- _DATA SECTION_:
━━━━━━━━━━━━━━━━━━━━

Let Z_unit : Z \in unitmx.
Proof.
rewrite addrA; apply: psdmx_addr_scalar_unitmx => //.
by apply: psdmxD => //; apply: psdmx_gram.
Qed.

Let E1 := adjmx X *m invmx Z.
Let E2 := X *m adjmx X *m invmx Z.

Let invmx_sub_gram : invmx Y - invmx Z = adjmx E1 *m E1 + adjmx E2 *m invmx Y *m E2.
Proof.
by rewrite invmx_sub_addl // /E1 /E2 !adjmxM adjmxV Z_herm adjmxK !mulmxA.
Qed.

Lemma adjmx_invmx_sub : adjmx (invmx Y - invmx Z) = invmx Y - invmx Z.
Proof. by rewrite raddfB /= !adjmxV Y_herm Z_herm. Qed.

Lemma psdmx_invmx_sub : psdmx (invmx Y - invmx Z).
Proof.
rewrite invmx_sub_gram; apply: psdmxD; last exact/psdmx_congr/psdmx_invmx.
by have := psdmx_gram (adjmx E1); rewrite adjmxK.
Qed.

Lemma mxtrace_invmx_sub_eq0 : \tr (invmx Y - invmx Z) = 0 -> X = 0.
Proof.
have E2_ge0 : 0 <= \tr (adjmx E2 *m invmx Y *m E2) by exact: psdmx_invmx.
rewrite invmx_sub_gram mxtraceD => /eqP; rewrite paddr_eq0 ?mxtrace_gram_ge0 //.
case/andP => /eqP /mxtrace_gram_eq0 E1_0 _.
by rewrite -[X]adjmxK -[adjmx X](mulmxKV Z_unit) -/E1 E1_0 mul0mx raddf0.
Qed.

End InverseDifference.

Section ConcaveQuadratic.
Variable R : rcfType.
Local Notation C := R[i].

Lemma Re_conjc (z : C) : complex.Re z^*%C = complex.Re z.
Proof. by case: z. Qed.

Lemma Re_ge0 (z : C) : 0 <= z -> 0 <= complex.Re z.
Proof. by rewrite lecE => /andP[]. Qed.

Lemma Re_sum (I : finType) (f : I -> C) :
  complex.Re (\sum_i f i) = \sum_i complex.Re (f i).
Proof. exact: raddf_sum. Qed.

Lemma Re_realM (x : R) (z : C) : complex.Re (x%:C%C * z) = x * complex.Re z.
Proof. by case: z => a b /=; rewrite mul0r subr0. Qed.

Definition quad_form n m (G : 'M[C]_n) (L X : 'M[C]_(n, m)) : R :=
  2 * complex.Re (\tr (adjmx L *m X)) - complex.Re (\tr (adjmx X *m G *m X)).

Lemma quad_form_max n m (G : 'M[C]_n) (L Xs X : 'M[C]_(n, m)) :
  adjmx G = G -> psdmx G -> G *m Xs = L -> quad_form G L X <= quad_form G L Xs.
Proof.
move=> G_herm G_psd <-; rewrite /quad_form adjmxM G_herm.
have cross : complex.Re (\tr (adjmx X *m G *m Xs)) = complex.Re (\tr (adjmx Xs *m G *m X)).
  by rewrite -Re_conjc -mxtrace_adjmx !adjmxM adjmxK G_herm mulmxA.
have := Re_ge0 (G_psd _ (X - Xs)).
rewrite [adjmx _]raddfB /= !(mulmxBl, mulmxBr) !raddfB /= cross.
lra.
Qed.

End ConcaveQuadratic.

Section BlockDiagonal.
Variables (R : rcfType) (K p q : nat).
Local Notation C := R[i].
Variable (A : 'I_K -> 'M[C]_(p, q)).
Local Notation blkdiag D := (\mxblock_(i < K, j < K) (if i == j then D i else 0)).

Lemma adjmx_mxcol : adjmx (\mxcol_(k < K) A k) = \mxrow_(k < K) adjmx (A k).
Proof. by apply/matrixP => i j; rewrite !mxE. Qed.

Lemma mulmx_adjmx_mxcol_blkdiag r (D : 'I_K -> 'M[C]_(p, r)) :
  adjmx (\mxcol_(k < K) A k) *m blkdiag D = \mxrow_(k < K) (adjmx (A k) *m D k).
Proof.
rewrite adjmx_mxcol mul_mxrow_mxblock; apply: eq_mxrow => j.
by rewrite (bigD1 j) //= eqxx big1 ?addr0 // => i /negbTE ->; rewrite mulmx0.
Qed.

Lemma adjmx_mxcol_blkdiag_mxcol (D : 'I_K -> 'M[C]_p) :
  adjmx (\mxcol_(k < K) A k) *m blkdiag D *m \mxcol_(k < K) A k
  = \sum_(k < K) adjmx (A k) *m D k *m A k.
Proof. by rewrite mulmx_adjmx_mxcol_blkdiag mul_mxrow_mxcol. Qed.

Lemma adjmx_mxcol_submxrow_blkdiag r (D : 'I_K -> 'M[C]_(p, r)) j :
  adjmx (\mxcol_(k < K) A k) *m submxrow (blkdiag D) j = adjmx (A j) *m D j.
Proof. by rewrite mul_submxrow mulmx_adjmx_mxcol_blkdiag mxrowK. Qed.

End BlockDiagonal.

Section PrecoderUpdate.
Variables (R : realType) (K Nt Nr Nd : nat) (sigma2 PBS : R) (omega : 'I_K -> R).
Variables (Hk : 'I_K -> 'M[R[i]]_(Nr, Nt)) (F0 : 'I_K -> 'M[R[i]]_(\sum_(k < K) Nr, Nd)).
Hypotheses (sigma2_gt0 : 0 < sigma2) (PBS_gt0 : 0 < PBS) (Nr_gt0 : (0 < Nr)%N).
Hypotheses (omega_gt0 : forall k, 0 < omega k).
Hypothesis Yhat_unit : forall k, Yhat sigma2 PBS Hk F0 k \in unitmx.

Local Notation C := R[i].
Local Notation KNr := (\sum_(k < K) Nr)%N.
Local Notation Hstack := (Hstack Hk).
Local Notation Hbar := (Hbar Hk).
Local Notation Hbar_k := (Hbar_k Hk).
Local Notation rho := (rho sigma2 PBS).
Local Notation Xhat := (Xhat Hk F0).
Local Notation Yhat := (Yhat sigma2 PBS Hk F0).
Local Notation Ahat := (Ahat sigma2 PBS Hk F0).
Local Notation Bhat := (Bhat sigma2 PBS Hk F0).
Local Notation mu := (mu sigma2 PBS omega Hk F0).
Local Notation Atilde := (Atilde sigma2 PBS omega Hk F0).
Local Notation Btilde := (Btilde sigma2 PBS omega Hk F0).
Local Notation g_k := (g_k sigma2 PBS Hk F0).

Lemma mxtrace_Hbar_gram m (F : 'M[C]_(KNr, m)) :
  \tr (Hbar *m F *m adjmx F) = \tr (adjmx (adjmx Hstack *m F) *m (adjmx Hstack *m F)).
Proof. by rewrite adjmxM adjmxK mxtrace_mulC !mulmxA. Qed.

━━━━━━━━━━━━━━━━━━━━

- _YOUR ASSIGNMENT_: Nothing but the lines above from the one containing "Proof. by rewrite lecE => /andP[]. Qed." through the one containing "Lemma Re_realM (x" should appear in the answer, each repeated exactly.

- _RESPONSE TO THE EXERCISE_:
Proof. by rewrite lecE => /andP[]. Qed.

Lemma Re_sum (I : finType) (f : I -> C) :
  complex.Re (\sum_i f i) = \sum_i complex.Re (f i).
Proof. exact: raddf_sum. Qed.

Lemma Re_realM (x : R) (z : C) : complex.Re (x%:C%C * z) = x * complex.Re z.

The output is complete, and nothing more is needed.